◆ Work required ◆
The answer must consist of every line in the data that contains "From".

── Given data ──

(* Let $\mathcal T_p$ be a cluster tree of depth $p$ for $n$ and let $A\in\mathbb C^{n\times n}$ be an $\epsilon$-$(\mathcal T_p,k)$-HSS matrix. Then there exists $\delta A\in\mathbb C^{n\times n}$ with $\|\delta A\|_2\le\sqrt{2^{p+2}-4}\,\epsilon$ such that $A+\delta A$ is a $(\mathcal T_p,k)$-HSS matrix.
   Context: Cluster tree associated with a partition $n=n_1+\dots+n_{2^p}$ into positive integers: the leaves $I^p_1,\dots,I^p_{2^p}$ are the consecutive index intervals of $I=\{1,\dots,n\}$ of sizes $n_1,\dots,n_{2^p}$ in order, and $I^\ell_i:=I^{\ell+1}_{2i-1}\cup I^{\ell+1}_{2i}$ for $\ell<p$, $i=1,\dots,2^\ell$. For $\ell=1,\dots,p$ and $i=1,\dots,2^\ell$, $A(I^\ell_i,I\setminus I^\ell_i)$ is an HSS block row and $A(I\setminus I^\ell_i,I^\ell_i)$ an HSS block column. $A$ is a $(\mathcal T_p,k)$-HSS matrix if every HSS block row and column has rank at most $k$, and an $\epsilon$-$(\mathcal T_p,k)$-HSS matrix if every HSS block row and column $Y$ admits a matrix $Z$ of rank at most $k$ with $\|Y-Z\|_2\le\epsilon$ (spectral norm). For $p=0$ there are no HSS block rows or columns. *)

From HB Require Import structures.
From mathcomp Require Import all_boot all_order all_algebra.
Set Implicit Arguments. Unset Strict Implicit. Unset Printing Implicit Defensive.
Import Order.TTheory GRing.Theory Num.Theory.
Local Open Scope ring_scope.

(* A partition n = n_1 + ... + n_(2^p) into positive integers, given as the
   sequence s = [:: n_1; ...; n_(2^p)]. *)
Definition cluster_partition (n p : nat) (s : seq nat) : Prop :=
  [/\ size s = (2 ^ p)%N, all (fun m => 0 < m)%N s & sumn s = n].

Definition leaf_offset (s : seq nat) (m : nat) : nat := sumn (take m s).

(* Cluster I^l_i (0-based i < 2^l, 0-based indices 0..n-1): the union of the
   leaves i*2^(p-l), ..., (i+1)*2^(p-l)-1, i.e. a consecutive index interval. *)
Definition cluster (n p : nat) (s : seq nat) (l i : nat) : {set 'I_n} :=
  [set x : 'I_n | (leaf_offset s (i * 2 ^ (p - l)) <= x)%N
                  && (x < leaf_offset s (i.+1 * 2 ^ (p - l)))%N].

Definition block_row (C : Type) (n : nat) (A : 'M[C]_n) (S : {set 'I_n})
  : 'M[C]_(#|S|, #|~: S|) :=
  \matrix_(i < #|S|, j < #|~: S|) A (enum_val i) (enum_val j).

Definition block_col (C : Type) (n : nat) (A : 'M[C]_n) (S : {set 'I_n})
  : 'M[C]_(#|~: S|, #|S|) :=
  \matrix_(i < #|~: S|, j < #|S|) A (enum_val i) (enum_val j).

(* ||Y||_2 <= c  (spectral norm = operator norm induced by the Euclidean norm),
   written out: c >= 0 and ||Y x||_2^2 <= c^2 ||x||_2^2 for all x. *)
Definition spec_norm_le (C : numClosedFieldType) (m q : nat)
  (Y : 'M[C]_(m, q)) (c : C) : Prop :=
  0 <= c /\ forall x : 'cV[C]_q,
    \sum_(i < m) `|(Y *m x) i 0| ^+ 2 <= c ^+ 2 * \sum_(j < q) `|x j 0| ^+ 2.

───

◆ Result of the exercise ◆
From HB Require Import structures.
From mathcomp Require Import all_boot all_order all_algebra.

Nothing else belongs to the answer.